Former Democratic Senate Majority Leader Tom Daschle said that several years ago John McCain came close to leaving the Republican Party and caucusing with Senate Democrats.
During Daschle’s appearance Sunday on MSNBC’s “Meet the Press,” host Tim Russert noted that Daschle said in February, “It’s true that we were once close to bringing John McCain into the Democratic caucus. There are many who can verify that.” Russert asked, “John McCain almost became a Democrat?”
Daschle answered: “Never a Democrat, but an independent. He was so angry at the way he was treated and the problems he had with the Bush administration in 2001, Tim, that he came to us and said, ‘Look, I’m seriously considering becoming an independent and caucusing with you. Let’s talk about it.’ And we did.”
“Aligning himself with the Democrats in the Senate?” Russert asked.
“Exactly,” Daschle replied.
McCain vied with George Bush for the GOP presidential nomination in 2000 and accused Bush supporters of running a smear campaign against him. After Bush won the election and took office, McCain broke with the administration on a number of issues.
Russert asked Daschle, who is an adviser to the Barack Obama campaign, “Then how can you run against [McCain] as a Bush third term?”

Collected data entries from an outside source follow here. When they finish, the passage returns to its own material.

Lemma dyadic_radius_le l l' : (l <= l')%nat -> dyadic_radius l <= dyadic_radius l'.
Proof.
  intro Hl; unfold dyadic_radius; pose proof (pow_R1_Rle 2 l ltac:(lra)).
  pose proof (Rle_pow 2 l l' ltac:(lra) Hl).
  assert (/ 2 ^ l' <= / 2 ^ l) by (apply Rinv_le_contravar; lra); lra.
Qed.

(* Bernoulli: (1 - 1/M)^M (1 + 1/M)^M <= 1 and (1 + 1/M)^M >= 2. *)
Lemma dyadic_radius_pow_le_half l : dyadic_radius l ^ Nat.pow 2 l <= / 2.
Proof.
  set (M := Nat.pow 2 l); set (x := / 2 ^ l).
  assert (HM : INR M * x = 1).
  { unfold M, x; rewrite pow_INR; replace (INR 2) with 2 by (simpl; ring).
    field; apply pow_nonzero; lra. }
  pose proof (dyadic_radius_bounds l) as Hr; unfold dyadic_radius in *; fold x in Hr |- *.
  assert (Hx : 0 < x) by (apply Rinv_0_lt_compat, pow_lt; lra).
  pose proof (poly M x Hx) as Hbern; rewrite HM in Hbern.
  assert ((1 - x) ^ M * (1 + x) ^ M <= 1).
  { rewrite <- Rpow_mult_distr; apply Rle_trans with (1 ^ M);
      [apply pow_incr; nra | rewrite pow1; lra]. }
  pose proof (pow_le (1 - x) M ltac:(lra)); nra.
Qed.

Section LacunarySeries.

Variables (v : R -> R) (D A : R) (b : nat -> nat).

Hypothesis v_weight : standing_weight v.
Hypothesis D_ge_1 : 1 <= D.
Hypothesis v_doubling : forall d, 0 < d <= / 2 -> v (1 - d) <= D * v (1 - 2 * d).
Hypothesis A_gt_1 : 1 < A.
Hypothesis b_0 : b 0%nat = 1%nat.
Hypothesis b_spec : forall n, gfun v (2 ^ b (S n)) > A * gfun v (2 ^ b n) /\
  forall l : nat, gfun v (2 ^ l) > A * gfun v (2 ^ b n) -> (b (S n) <= l)%nat.

Lemma weight_ge_1 r : 0 <= r < 1 -> 1 <= v r.
Proof. apply v_weight. Qed.

Lemma weight_le r s : 0 <= r -> r <= s -> s < 1 -> v r <= v s.
Proof. apply v_weight. Qed.

Lemma gfun_dyadic l : gfun v (2 ^ l) = v (dyadic_radius l).
Proof. reflexivity. Qed.

Lemma gfun_dyadic_ge_1 l : 1 <= gfun v (2 ^ l).
Proof. rewrite gfun_dyadic; apply weight_ge_1, dyadic_radius_bounds. Qed.

Lemma gfun_dyadic_le l l' : (l <= l')%nat -> gfun v (2 ^ l) <= gfun v (2 ^ l').
Proof.
  intro Hl; pose proof (dyadic_radius_bounds l); pose proof (dyadic_radius_bounds l').
  rewrite !gfun_dyadic; apply weight_le; [lra | apply dyadic_radius_le, Hl | lra].
Qed.

Lemma gfun_dyadic_succ_le l : gfun v (2 ^ S l) <= D * gfun v (2 ^ l).
Proof.
  unfold gfun; pose proof (pow_R1_Rle 2 l ltac:(lra)).
  replace (1 - / 2 ^ l) with (1 - 2 * / 2 ^ S l) by (simpl; field; lra).
  apply v_doubling; simpl; rewrite Rinv_mult; split.
  - apply Rmult_lt_0_compat; apply Rinv_0_lt_compat; lra.
  - assert (/ 2 ^ l <= 1) by (rewrite <- Rinv_1; apply Rinv_le_contravar; lra).
    assert (0 < / 2 ^ l) by (apply Rinv_0_lt_compat; lra); nra.
Qed.

Lemma gfun_dyadic_add_le l j : gfun v (2 ^ (l + j)) <= D ^ j * gfun v (2 ^ l).
Proof.
  induction j as [|j IH]; [rewrite Nat.add_0_r; simpl; lra|].
  rewrite Nat.add_succ_r; eapply Rle_trans; [apply gfun_dyadic_succ_le|].
  simpl; rewrite Rmult_assoc; apply Rmult_le_compat_l; lra.
Qed.

Lemma gfun_dyadic_le_pow l : gfun v (2 ^ l) <= D ^ l.
Proof.
  assert (Hg0 : gfun v (2 ^ 0) = 1).
  { unfold gfun; simpl; replace (1 - / 1) with 0 by field; apply v_weight. }
  pose proof (gfun_dyadic_add_le 0 l) as H; rewrite Hg0, Rmult_1_r in H; exact H.
Qed.

Lemma b_lt_succ n : (b n < b (S n))%nat.
Proof.
  destruct (Nat.le_gt_cases (b (S n)) (b n)) as [Hle|Hlt]; [exfalso|exact Hlt].
  pose proof (gfun_dyadic_le _ _ Hle); pose proof (gfun_dyadic_ge_1 (b n)).
  destruct (b_spec n) as [Hgrow _]; nra.
Qed.

Lemma b_add_le k i : (b k + i <= b (k + i))%nat.
Proof.
  induction i as [|i IH]; [rewrite !Nat.add_0_r; lia|].
  pose proof (b_lt_succ (k + i)); replace (k + S i)%nat with (S (k + i)) by lia; lia.
Qed.

Lemma lt_b k : (k < b k)%nat.
Proof. pose proof (b_add_le 0 k); simpl in *; lia. Qed.

Lemma gfun_b_mul_pow_le k i : gfun v (2 ^ b k) * A ^ i <= gfun v (2 ^ b (k + i)).
Proof.
  induction i as [|i IH]; [rewrite Nat.add_0_r; simpl; lra|].
  replace (k + S i)%nat with (S (k + i)) by lia; destruct (b_spec (k + i)) as [Hgrow _].
  pose proof (pow_le A i ltac:(lra)); pose proof (gfun_dyadic_ge_1 (b k)); simpl; nra.
Qed.

(* Minimality of b (S n): one dyadic step below it, g has not yet grown by the factor A. *)
Lemma gfun_b_succ_le n : gfun v (2 ^ b (S n)) <= D * A * gfun v (2 ^ b n).
Proof.
  pose proof (lt_b (S n)); destruct (b (S n)) as [|l] eqn:Hbn; [lia|].
  assert (Hl : gfun v (2 ^ l) <= A * gfun v (2 ^ b n)).
  { apply Rnot_gt_le; intro Hgt; destruct (b_spec n) as [_ Hmin].
    specialize (Hmin l Hgt); lia. }
  eapply Rle_trans; [apply gfun_dyadic_succ_le|]; rewrite Rmult_assoc.
  apply Rmult_le_compat_l; lra.
Qed.

Lemma exists_first_index r : 0 <= r < 1 ->
  exists p, r < dyadic_radius (b p) /\ forall k, (k < p)%nat -> dyadic_radius (b k) <= r.
Proof.
  intro Hr.
  assert (Hex : exists p, r < dyadic_radius (b p)).
  { destruct (pow_lt_1_zero (/ 2) ltac:(rewrite Rabs_pos_eq; lra) (1 - r) ltac:(lra))
      as [M HM].
    exists M; specialize (HM (b M) ltac:(pose proof (lt_b M); lia)).
    rewrite Rabs_pos_eq, pow_inv in HM by (apply pow_le; lra).
    unfold dyadic_radius; lra. }
  destruct (dec_inh_nat_subset_has_unique_least_element _ (fun p => classic _) Hex)
    as [p [[Hp Hmin] _]].
  exists p; split; [exact Hp|]; intros k Hk; apply Rnot_lt_le; intro Hlt.
  specialize (Hmin k Hlt); lia.
Qed.

Section FirstIndex.

Variables (r : R) (p : nat).
Hypothesis r_range : 0 <= r < 1.
Hypothesis r_ge : forall k, (k < p)%nat -> dyadic_radius (b k) <= r.

Lemma gfun_first_index_le : gfun v (2 ^ b p) <= D * A * v r.
Proof.
  pose proof (weight_ge_1 r r_range).
  destruct p as [|q].
  - rewrite b_0; pose proof (gfun_dyadic_succ_le 0); pose proof (gfun_dyadic_le_pow 0).
    assert (1 <= A * v r) by nra; simpl in *; nra.
  - eapply Rle_trans; [apply gfun_b_succ_le|]; apply Rmult_le_compat_l; [nra|].
    rewrite gfun_dyadic; pose proof (dyadic_radius_bounds (b q)).
    apply weight_le; [lra | apply r_ge; lia | lra].
Qed.

Lemma gfun_before_first_index_le k : (k < p)%nat ->
  gfun v (2 ^ b k) <= A * v r * (/ A) ^ (p - k).
Proof.
  intro Hk; set (i := (p - S k)%nat).
  assert (Hgi : gfun v (2 ^ b k) * A ^ i <= v r).
  { eapply Rle_trans; [apply gfun_b_mul_pow_le|].
    rewrite gfun_dyadic; pose proof (dyadic_radius_bounds (b (k + i))).
    apply weight_le; [lra | apply r_ge; unfold i; lia | lra]. }
  replace (p - k)%nat with (S i) by (unfold i; lia).
  assert (Hinv : A ^ i * (/ A) ^ i = 1)
    by (rewrite <- Rpow_mult_distr, Rinv_r, pow1; lra).
  pose proof (pow_le (/ A) i ltac:(left; apply Rinv_0_lt_compat; lra)).
  replace (A * v r * (/ A) ^ S i) with (v r * (/ A) ^ i) by (simpl; field; lra).
  replace (gfun v (2 ^ b k)) with (gfun v (2 ^ b k) * A ^ i * (/ A) ^ i)
    by (rewrite Rmult_assoc, Hinv; ring).
  apply Rmult_le_compat_r; lra.
Qed.

(* Doubling lets g grow by at most D per dyadic step, while r^(2^(b_k)) decays
   doubly exponentially in b_k - b_p. *)
Lemma term_after_first_index_le k C :
  (forall j, (2 * D) ^ j * (/ 2) ^ Nat.pow 2 j <= C) ->
  r < dyadic_radius (b p) -> (p <= k)%nat ->
  gfun v (2 ^ b k) * r ^ Nat.pow 2 (b k) <= C * gfun v (2 ^ b p) * (/ 2) ^ (k - p).
Proof.
  intros HC r_lt Hpk; set (j := (b k - b p)%nat).
  pose proof (b_add_le p (k - p)) as Hb; replace (p + (k - p))%nat with k in Hb by lia.
  assert (Hbk : b k = (b p + j)%nat) by (unfold j; lia).
  assert (HC0 : / 2 <= C) by (specialize (HC 0%nat); simpl in HC; lra).
  assert (Hg : gfun v (2 ^ b k) <= D ^ j * gfun v (2 ^ b p))
    by (rewrite Hbk; apply gfun_dyadic_add_le).
  assert (Hpow : r ^ Nat.pow 2 (b k) <= (/ 2) ^ Nat.pow 2 j).
  { rewrite Hbk, Nat.pow_add_r, pow_mult; apply pow_incr; split; [apply pow_le; lra|].
    eapply Rle_trans; [apply pow_incr; split; [lra | left; apply r_lt]|].
    apply dyadic_radius_pow_le_half. }
  assert (Hdamp : D ^ j * (/ 2) ^ Nat.pow 2 j <= C * (/ 2) ^ (k - p)).
  { assert (Hhalf : 2 ^ j * (/ 2) ^ j = 1)
      by (rewrite <- Rpow_mult_distr, Rinv_r, pow1; lra).
    specialize (HC j); rewrite Rpow_mult_distr in HC.
    apply Rle_trans with (C * (/ 2) ^ j).
    - replace (D ^ j * (/ 2) ^ Nat.pow 2 j)
        with (2 ^ j * D ^ j * (/ 2) ^ Nat.pow 2 j * (/ 2) ^ j)
        by (transitivity (D ^ j * (/ 2) ^ Nat.pow 2 j * (2 ^ j * (/ 2) ^ j));
            [| rewrite Hhalf]; ring).
      apply Rmult_le_compat_r; [apply pow_le; lra | exact HC].
    - apply Rmult_le_compat_l; [lra | apply pow_le_pow_of_le_1; [lra | unfold j; lia]]. }
  pose proof (gfun_dyadic_ge_1 (b k)); pose proof (gfun_dyadic_ge_1 (b p)).
  pose proof (pow_le D j ltac:(lra)).
  pose proof (pow_le r (Nat.pow 2 (b k)) (proj1 r_range)).
  pose proof (pow_le (/ 2) (Nat.pow 2 j) ltac:(lra)).
  apply Rle_trans with (D ^ j * gfun v (2 ^ b p) * (/ 2) ^ Nat.pow 2 j);
    [apply Rmult_le_compat; lra|].
  replace (C * gfun v (2 ^ b p) * (/ 2) ^ (k - p))
    with (gfun v (2 ^ b p) * (C * (/ 2) ^ (k - p))) by ring.
  replace (D ^ j * gfun v (2 ^ b p) * (/ 2) ^ Nat.pow 2 j)
    with (gfun v (2 ^ b p) * (D ^ j * (/ 2) ^ Nat.pow 2 j)) by ring.
  apply Rmult_le_compat_l; lra.
Qed.

End FirstIndex.
(* Under the hypotheses of the following setting — $S$ semibounded in $\mathfrak H$ with lower bound $\gamma$, $c\le\gamma$, $Q_c$ and $Q_c'=VQ_c$ representing maps for $\mathfrak t(S)-c$ with $V$ a partial isometry from $\overline{\mathrm{ran}}\,Q_c$ onto $\overline{\mathrm{ran}}\,Q_c'$, and $J_c,J_c'$ their companion relations — one has $$J_c'(J_c')^*=J_c'((J_c')^* )_{\rm reg}=J_c(J_c^* )_{\rm reg}=J_cJ_c^*,$$ $$(J_c')^{**}(J_c')^*=(((J_c')^* )_{\rm reg})^*((J_c')^* )_{\rm reg}=((J_c^* )_{\rm reg})^*(J_c^* )_{\rm reg}=J_c^{**}J_c^*.$$
   Context: Linear relations are linear subspaces $T\subset\mathfrak H\times\mathfrak K$; $T^*=\{\{h,k\}:(k,f)=(h,g)\ \forall\{f,g\}\in T\}$; $T^{**}$ is the closure; $RT=\{\{f,h\}:\exists g,\{f,g\}\in T,\{g,h\}\in R\}$. For a closed relation $T$, $T_{\rm reg}=\{\{f,(I-\pi)g\}:\{f,g\}\in T\}$ with $\pi$ the orthogonal projection onto $\mathrm{mul}\,T=\{g:\{0,g\}\in T\}$. $S$ semibounded with lower bound $\gamma$: $\gamma$ is the supremum of $c$ with $(\varphi',\varphi)\ge c\|\varphi\|^2$ on $S$; $\mathfrak t(S)[\varphi,\psi]=(\varphi',\psi)$ on $\mathrm{dom}\,S$. A representing map for $\mathfrak t(S)-c$ is a linear operator $Q_c$ into a Hilbert space, $\mathrm{dom}\,Q_c=\mathrm{dom}\,S$, with $\mathfrak t(S)[\varphi,\psi]=c(\varphi,\psi)+(Q_c\varphi,Q_c\psi)$; companion relation $J_c=\{\{Q_c\varphi,\varphi'-c\varphi\}:\{\varphi,\varphi'\}\in S\}$. *)

From mathcomp Require Import all_boot all_order all_algebra.
From mathcomp Require Import reals complex classical_sets.
Set Implicit Arguments. Unset Strict Implicit. Unset Printing Implicit Defensive.
Import Order.TTheory GRing.Theory Num.Theory.
Local Open Scope ring_scope.
Local Open Scope complex_scope.
Local Open Scope classical_set_scope.

Section Hilbert.
Variable R : realType.
Local Notation C := (R[i]).

Definition inner_product (V : lmodType C) (d : V -> V -> C) : Prop :=
  [/\ (forall (a : C) (x y z : V), d (a *: x + y) z = a * d x z + d y z),
      (forall x y : V, d y x = (d x y)^*),
      (forall x : V, 0 <= d x x) &
      (forall x : V, d x x = 0 -> x = 0)].

Definition complete_ip (V : lmodType C) (d : V -> V -> C) : Prop :=
  forall u : nat -> V,
    (forall e : R, 0 < e -> exists N : nat, forall m n : nat, (N <= m)%N -> (N <= n)%N ->
        d (u m - u n) (u m - u n) < e%:C) ->
    exists l : V, forall e : R, 0 < e -> exists N : nat, forall n : nat, (N <= n)%N ->
        d (u n - l) (u n - l) < e%:C.

Definition hilbert (V : lmodType C) (d : V -> V -> C) : Prop :=
  inner_product d /\ complete_ip d.

Definition nclosure (V : lmodType C) (d : V -> V -> C) (A : set V) : set V :=
  [set x | forall e : R, 0 < e -> exists2 a, A a & d (x - a) (x - a) < e%:C].

Definition orth_to (V : lmodType C) (d : V -> V -> C) (A : set V) (x : V) : Prop :=
  forall a, A a -> d x a = 0.

Definition subspace (V : lmodType C) (A : set V) : Prop :=
  A 0 /\ forall (a : C) x y, A x -> A y -> A (a *: x + y).

Definition linrel (H K : lmodType C) (T : set (H * K)) : Prop := subspace T.

Definition rdom (H K : Type) (T : set (H * K)) : set H :=
  [set f | exists g, T (f, g)].
Definition rmul (H K : lmodType C) (T : set (H * K)) : set K := [set g | T (0, g)].
Arguments rmul {H K} T.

Daschle responded: “Because in the course of that period from 2001 to 2008 . . . he’s become a very ideologic advocate for the Bush policies on Iraq, on the economy, on tax policy, on domestic policy. Across the board he is espousing the Bush policies. He’s changed a lot since 2001.”
“Why?” Russert queried.
“Well, I think because he felt he needed to do that to win the nomination,” was Daschle’s response.
Daschle’s assertions came several weeks after liberal blogger Arianna Huffington claimed that she attended a dinner party after the 2000 election where she heard McCain and his wife say they did not vote for Bush.
"I voted for Bush in 2000 and 2004," McCain told Fox News when questioned about the claim. "And not only that, far more important than a vote, I campaigned everywhere in America for him."
But the Democrats insist that McCain was not happy with the Bush administration, at least during the president’s first term.
Sen. John Kerry, the Democratic nominee for president in 2004, when questioned about McCain’s interest in joining the Democratic caucus said, "It doesn't surprise me completely because his people similarly approached me to engage in a discussion about his potentially being on the ticket as vice president. So his people were active — let's put it that way."